Imagine that you are in an old-timey fort in the Wild, Wild West and that it is a moonless night. There are Indians wandering around in the dark, which is so complete that the only way to determine the position of an indian is to fire a cannon ball out of one of the fort's cannons (let's say they are five-pounder balls).

Thus, if you fire a cannon ball, you can determine the position of an indian from the yelp when he is hit. However, being hit by a five pound cannon ball, you can't be sure he is a live indian (bad) or a dead indian (good) and you certainly can't determine his momentum. However, if you miss the indian, you may be able to determine the rough direction and momentum of his departure from the doppler effect of his scream, but you won't be able to precisely say where he is now, especially if he is smart enough to keep his mouth shut and move on quietly.
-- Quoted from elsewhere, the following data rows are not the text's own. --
(* Suppose that there exists $\lambda>1$ such that $f:\mathbb Q\to\mathbb C$ has property $\mathscr S(\lambda)$, and let $f^\ast$ be defined by $f^\ast(x)=f(x)$ for $x\in\mathbb Q$ and $f^\ast(x)=\lim_{y\in\mathbb Q\cap\mathfrak T(B),y\to x}f(y)$ for $x\in\mathfrak T(B)\setminus\mathbb Q$, $B>0$ (this limit exists and is independent of $B$). Then, as $q\to\infty$, $$f^\ast(a/q)=f^\ast(x)+o(1)$$ uniformly for all $a\in\mathfrak A_q$ and all $x\in\big(\tfrac{a-q^{1/4}}q,\tfrac{a+q^{1/4}}q\big)\cap\big(\mathfrak T_q\cup\tfrac1q\mathfrak A_q\big)$.
   Context: Continued fractions: $x=[b_0(x);b_1(x),\dots]$, $r(x)$ the length for rational $x$, $r(x)=\infty$ otherwise. $\mathfrak T(B):=\{x\in\mathbb R\colon b_j(x)\leq\max(B,j(\log j)^2)\ \forall 1\leq j\leq r(x)\}$. $V(B,m,x):=\{x'\in\mathbb Q\cap\mathfrak T(B)\colon r(x')\geq m,\ b_j(x')=b_j(x)\ \forall j\leq m\}$. Property $\mathscr S(\lambda)$: $\sup_{x\in\mathfrak T(m^\lambda)}\sup_{x',x''\in V(m^\lambda,m,x)}|f(x')-f(x'')|\to0$ as $m\to\infty$. For $q\geq2$: $\mathfrak A_q:=\{0\leq a<q\colon(a,q)=1,\ a/q\in\mathfrak T((\log q)(\log\log q)^2)\}$ and $\mathfrak T_q:=([0,1)\setminus\mathbb Q)\cap\mathfrak T((\log q)(\log\log q)^2)$; $\frac1q\mathfrak A_q=\{a/q\colon a\in\mathfrak A_q\}$. *)

From Stdlib Require Import Reals Lra Lia ZArith QArith Qcanon Qreals.
From Coquelicot Require Import Coquelicot.
Open Scope R_scope.

Definition qc2R (y : Qc) : R := Q2R (this y).

Definition is_rat (x : R) : Prop := exists y : Qc, x = qc2R y.

(** Continued fraction algorithm (Gauss map). [cf_rem x n] is the n-th
    complete quotient x_n of x (x_0 = x, x_{n+1} = 1/frac(x_n)), or [None]
    if the expansion has already terminated (frac(x_k) = 0 for some k < n).
    For rational x this yields the Euclidean expansion (last partial
    quotient >= 2 when r(x) >= 1); r(x) is the largest n with
    [cf_rem x n <> None], and r(x) = infinity for irrational x. *)
Fixpoint cf_rem (x : R) (n : nat) : option R :=
  match n with
  | O => Some x
  | S n' =>
      match cf_rem x n' with
      | None => None
      | Some t => if Req_EM_T (frac_part t) 0 then None
                  else Some (/ frac_part t)
      end
  end.

Definition cf_digit (x : R) (n : nat) : option Z :=
  match cf_rem x n with
  | None => None
  | Some t => Some (Int_part t)
  end.

Definition cf_len_ge (x : R) (m : nat) : Prop := cf_rem x m <> None.

Definition inT (B x : R) : Prop :=
  forall (j : nat) (k : Z), (1 <= j)%nat -> cf_digit x j = Some k ->
    IZR k <= Rmax B (INR j * (ln (INR j)) ^ 2).

Definition inV (B : R) (m : nat) (x : R) (x' : Qc) : Prop :=
  inT B (qc2R x') /\ cf_len_ge (qc2R x') m /\
  (forall j : nat, (j <= m)%nat -> cf_digit (qc2R x') j = cf_digit x j).

Definition propS (lam : R) (f : Qc -> C) : Prop :=
  forall eps : R, 0 < eps -> exists M : nat, forall m : nat, (M <= m)%nat ->
    forall x : R, inT (Rpower (INR m) lam) x ->
    forall x' x'' : Qc,
      inV (Rpower (INR m) lam) m x x' -> inV (Rpower (INR m) lam) m x x'' ->
      Cmod (Cminus (f x') (f x'')) <= eps.

Definition is_fstar (f : Qc -> C) (fstar : R -> C) : Prop :=
  (forall y : Qc, fstar (qc2R y) = f y) /\
  (forall B x : R, 0 < B -> inT B x -> ~ is_rat x ->
     forall eps : R, 0 < eps -> exists delta : R, 0 < delta /\
       forall y : Qc, inT B (qc2R y) -> Rabs (qc2R y - x) < delta ->
         Cmod (Cminus (f y) (fstar x)) < eps).

Definition Bq (q : nat) : R := ln (INR q) * (ln (ln (INR q))) ^ 2.

Definition inA (q a : nat) : Prop :=
  (a < q)%nat /\ Nat.gcd a q = 1%nat /\ inT (Bq q) (INR a / INR q).

Definition inTq (q : nat) (x : R) : Prop :=
  0 <= x < 1 /\ ~ is_rat x /\ inT (Bq q) x.

Definition in_scaledA (q : nat) (x : R) : Prop :=
  exists a' : nat, inA q a' /\ x = INR a' / INR q.

(** If the complete quotients x_1, ..., x_(m+2) of x are at most K, then every y with
    |y - x| (K+1)^(2m+2) < 1 has the same first m partial quotients as x, because one step of
    the Gauss map expands distances by at most (K+1)^2 while the fractional parts stay at
    distance about 1/K from 0 and 1.  For a/q in A_q the complete quotients are bounded by
    K = B_q + (m+2)^3 + 1, Euclid's algorithm gives r(a/q) >= m+2 as soon as K^(m+2) < q, and
    m of size (log q)^θ with 1/λ < θ < 1 gives both B_q <= m^λ and (K+1)^(2m+2) <= q^(3/4).
    Hence every rational of T(B_q) in the window of radius q^(1/4)/q around a/q lies in
    V(m^λ, m, a/q), where S(λ) makes f almost constant; irrational points of the window are
    reached through truncations of their continued fractions, which stay in T(B) and converge
    geometrically.  The same stability makes f Cauchy along rationals of T(B) tending to an
    irrational x, which yields f^*. *)

From Stdlib Require Import Reals QArith Qcanon Qreals.
From Coquelicot Require Import Coquelicot.
From Stdlib Require Import Lra Lia ZArith ClassicalEpsilon Classical.
Open Scope R_scope.

Lemma frac_part_bounds t : 0 <= frac_part t < 1.
Proof. destruct (base_fp t). lra. Qed.

Lemma Int_part_IZR_plus (z : Z) (u : R) : 0 <= u < 1 -> Int_part (IZR z + u) = z.
Proof. intros Hu. symmetry. apply Int_part_spec. lra. Qed.

Lemma frac_part_IZR_plus (z : Z) (u : R) : 0 <= u < 1 -> frac_part (IZR z + u) = u.
Proof. intros Hu. unfold frac_part. rewrite Int_part_IZR_plus by exact Hu. ring. Qed.

Lemma Int_part_ge1 t : 1 <= t -> (1 <= Int_part t)%Z.
Proof.
  intros Ht. pose proof (frac_part_bounds t) as Hf. unfold frac_part in Hf.
  assert (Hpos : (0 < Int_part t)%Z) by (apply lt_IZR; lra). lia.
Qed.

Lemma Rinv_gt1_bounds z : 1 < z -> 0 <= / z < 1.
Proof.
  intros Hz. split; [apply Rlt_le, Rinv_0_lt_compat; lra|].
  rewrite <- Rinv_1. apply Rinv_lt_contravar; lra.
Qed.

Lemma ln_lt_id x : 0 < x -> ln x < x.
Proof.
  intros Hx. rewrite <- (ln_exp x) at 2. apply ln_increasing; [exact Hx|].
  pose proof (exp_ineq1_le x). pose proof (exp_pos x). lra.
Qed.

Lemma ln_nonneg x : 1 <= x -> 0 <= ln x.
Proof. intros Hx. rewrite <- ln_1. apply ln_le; lra. Qed.

Lemma Rpower_ge_base (m : nat) lam : (1 <= m)%nat -> 1 <= lam -> INR m <= Rpower (INR m) lam.
Proof.
  intros Hm Hl. assert (1 <= INR m) by (apply (le_INR 1); exact Hm).
  rewrite <- (Rpower_1 (INR m)) at 1 by lra. now apply Rle_Rpower.
Qed.

Lemma nat_above (A : R) : exists n : nat, A < INR n.
Proof. destruct (INR_archimed 1 A ltac:(lra)) as [n Hn]. exists n. lra. Qed.

Lemma Rinv_INR_succ_eventually_lt d : 0 < d ->
  exists N : nat, forall n, (N <= n)%nat -> / (INR n + 1) < d.
Proof.
  intros Hd. destruct (nat_above (/ d)) as [N HN]. exists N. intros n Hn.
  pose proof (le_INR N n Hn). pose proof (Rinv_0_lt_compat d Hd).
  rewrite <- (Rinv_inv d). apply Rinv_lt_contravar; [apply Rmult_lt_0_compat|]; lra.
Qed.

Lemma C_cauchy_cv (u : nat -> C) :
  (forall eps, 0 < eps -> exists N, forall n m, (N <= n)%nat -> (N <= m)%nat ->
     Cmod (Cminus (u n) (u m)) < eps) ->
  exists L, forall eps, 0 < eps -> exists N, forall n, (N <= n)%nat ->
     Cmod (Cminus (u n) L) < eps.
Proof.
  intros Hc.
  destruct (proj1 (Hierarchy.filterlim_locally_cauchy
    (U := CompleteNormedModule.CompleteSpace _ C_CompleteNormedModule) (F := Hierarchy.eventually) u))
    as [L HL].
  { intros eps. destruct (Hc eps (cond_pos eps)) as [N HN].
    exists (fun n => (N <= n)%nat). split; [now exists N|].
    intros n m Hn Hm. apply (@norm_compat1 C_AbsRing C_NormedModule), (HN m n Hm Hn). }
  exists L. intros eps He.
  destruct (proj1 (filterlim_locally_ball_norm _ _) HL (mkposreal eps He)) as [N HN].
  exists N. exact HN.
Qed.

Lemma nat_ceil (P : R) : 0 <= P -> exists m : nat, P <= INR m <= P + 1.
Proof.
  intros HP. destruct (archimed P) as [H1 H2].
  exists (Z.to_nat (up P)). rewrite INR_IZR_INZ, Z2Nat.id; [lra|].
  apply le_IZR. lra.
Qed.

Lemma Rabs_lt_of_window a r q x : (a - r) / q < x < (a + r) / q -> Rabs (x - a / q) < r / q.
Proof. unfold Rdiv. rewrite Rmult_minus_distr_r, Rmult_plus_distr_r. intros Hx. apply Rabs_def1; lra. Qed.

Lemma cf_rem_next x n t : cf_rem x n = Some t -> frac_part t <> 0 ->
  cf_rem x (S n) = Some (/ frac_part t).
Proof. intros Ht Hf. cbn [cf_rem]. rewrite Ht. destruct (Req_EM_T _ 0); congruence. Qed.

Lemma cf_rem_succ_inv x n t1 : cf_rem x (S n) = Some t1 ->
  exists t, cf_rem x n = Some t /\ frac_part t <> 0 /\ t1 = / frac_part t.
Proof.
  cbn [cf_rem]. destruct (cf_rem x n) as [t|]; [|discriminate].
  destruct (Req_EM_T _ 0); [discriminate|]. intros H; inversion H; eauto.
Qed.

Lemma cf_rem_None_le x n k : (n <= k)%nat -> cf_rem x n = None -> cf_rem x k = None.
Proof. induction 1 as [|k _ IH]; auto. intros Hn. cbn [cf_rem]. now rewrite IH. Qed.

Lemma cf_rem_succ_gt1 x n t : cf_rem x (S n) = Some t -> 1 < t.
Proof.
  intros H. destruct (cf_rem_succ_inv _ _ _ H) as [s [_ [Hf ->]]].
  pose proof (frac_part_bounds s).
  rewrite <- Rinv_1. apply Rinv_lt_contravar; lra.
Qed.

Lemma cf_rem_gt1 x k t : (1 <= k)%nat -> cf_rem x k = Some t -> 1 < t.
Proof. destruct k as [|k]; [lia|]. intros _. apply cf_rem_succ_gt1. Qed.

Lemma cf_rem_succ_decomp x n t t1 : cf_rem x n = Some t -> cf_rem x (S n) = Some t1 ->
  t = IZR (Int_part t) + / t1.
Proof.
  intros Ht Ht1. destruct (cf_rem_succ_inv _ _ _ Ht1) as [s [Hs [_ ->]]].
  rewrite Ht in Hs. injection Hs as ->. rewrite Rinv_inv. apply Rplus_Int_part_frac_part.
Qed.

Lemma cf_rem_of_len_ge x n k : cf_len_ge x n -> (k <= n)%nat -> exists s, cf_rem x k = Some s.
Proof.
  intros Hlen Hk. destruct (cf_rem x k) as [s|] eqn:E; [now exists s|].
  exfalso. apply Hlen. now apply (cf_rem_None_le x k).
Qed.

(** * Stability of partial quotients under perturbation *)

Lemma Int_part_perturb s t : Rabs (t - s) < frac_part s -> Rabs (t - s) < 1 - frac_part s ->
  Int_part t = Int_part s /\ frac_part t = frac_part s + (t - s).
Proof.
  intros H1 H2. pose proof (Rle_abs (t - s)). pose proof (Rle_abs (- (t - s))).
  rewrite Rabs_Ropp in *.
  destruct (Int_part_frac_part_spec t (Int_part s) (frac_part s + (t - s))) as [E1 E2].
  - lra.
  - unfold frac_part. ring.
  - auto.
Qed.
Thus you can not determine the position of an indian if you miss him, and his position doesn't matter much if you hit him, while you can determine the momentum of the indian from the noise he makes running away, but not his precise location.

The quantum indeterminancy is the result of the size of your cannon balls. Smaller balls would allow you to determine the location and momentum of an indian more precisely, but you only have five-pounders so you can never be sure beyond a certain statistic probability, where an indian is, and where he is going, if anywhere, unless it is the Happy Hunting Ground. And you can't be sure of that, even. You might hit a lot of indians who don't make a sound, and a few of them will whoop in terror even if you miss them by a mile. Most of them will silently move on.

In short, you have only the crudest sense of where the indians are at any time, and so statistically speaking, they are smeared thinly over the country side, with greater or lesser probabilities of being in certain places and avoiding others.

In fact, your observations actually change the location and momentum of most of the indians in the vicinity of wherever they are currently landing.

All in all, it is not the world that is uncertain, but the observers. If we had something better than cannon balls to shoot out of our cannons, we could locate indians with some precision. Golf balls, for example, would be handy, and ping pong balls would actually allow you to tell a fat indian from a skinny indian. But your tools limit your observations and even alter them. Use too much calibre and you may send indians flying in all directions, without being able to determine how many you hit, where they are, or where they'll come down coontil you hear the thud).

Moral: A smart indian keeps his mouth shut under fire.

If I understand the article correctly, it isn't just the size of your balls that matter. The crafty indians are holding buffalo hides stretched on frames, which act as trampolines when hit by the cannon balls, thus protecting the indians from discovery. There's no telling where the indian is. He could be behind the trampoline, or to one side. There could be more than one indian holding the trampoline between them. And the angle of the trampoline is difficult to determine a posteriori, let alone a priori. Instead of vivid cursing, much of the time all you hear is a "Sproing!" sound as the ball bounces harmlessly off the buffalo hide or maybe the odd tent here and there.

"I haf no idea, officer, but I know exactly vere I am!"

when I was taught about the Heisenberg Uncertainty Principle we were taught both about measurement uncertainty, which they discuss in the article. That is, by bouncing light off the system you've altered the system. But we also learned about inherent uncertainty, and the explanation of that wasn't so hard to understand, either.

At the quantum level, everything is wave-like (or at least can be thought of as such), when dealing with a wave, you inherently have trouble discerning "position" and "momentum" at the same time. Imagine a string, infinitely long, vibrating at a given frequency. If I were to ask what its momentum is, you'd have no trouble at all (it's a function of frequency, and you know that precisely), but if I asked what is the position of the wave, you'd have a problem, because it's location is, broadly, along the string.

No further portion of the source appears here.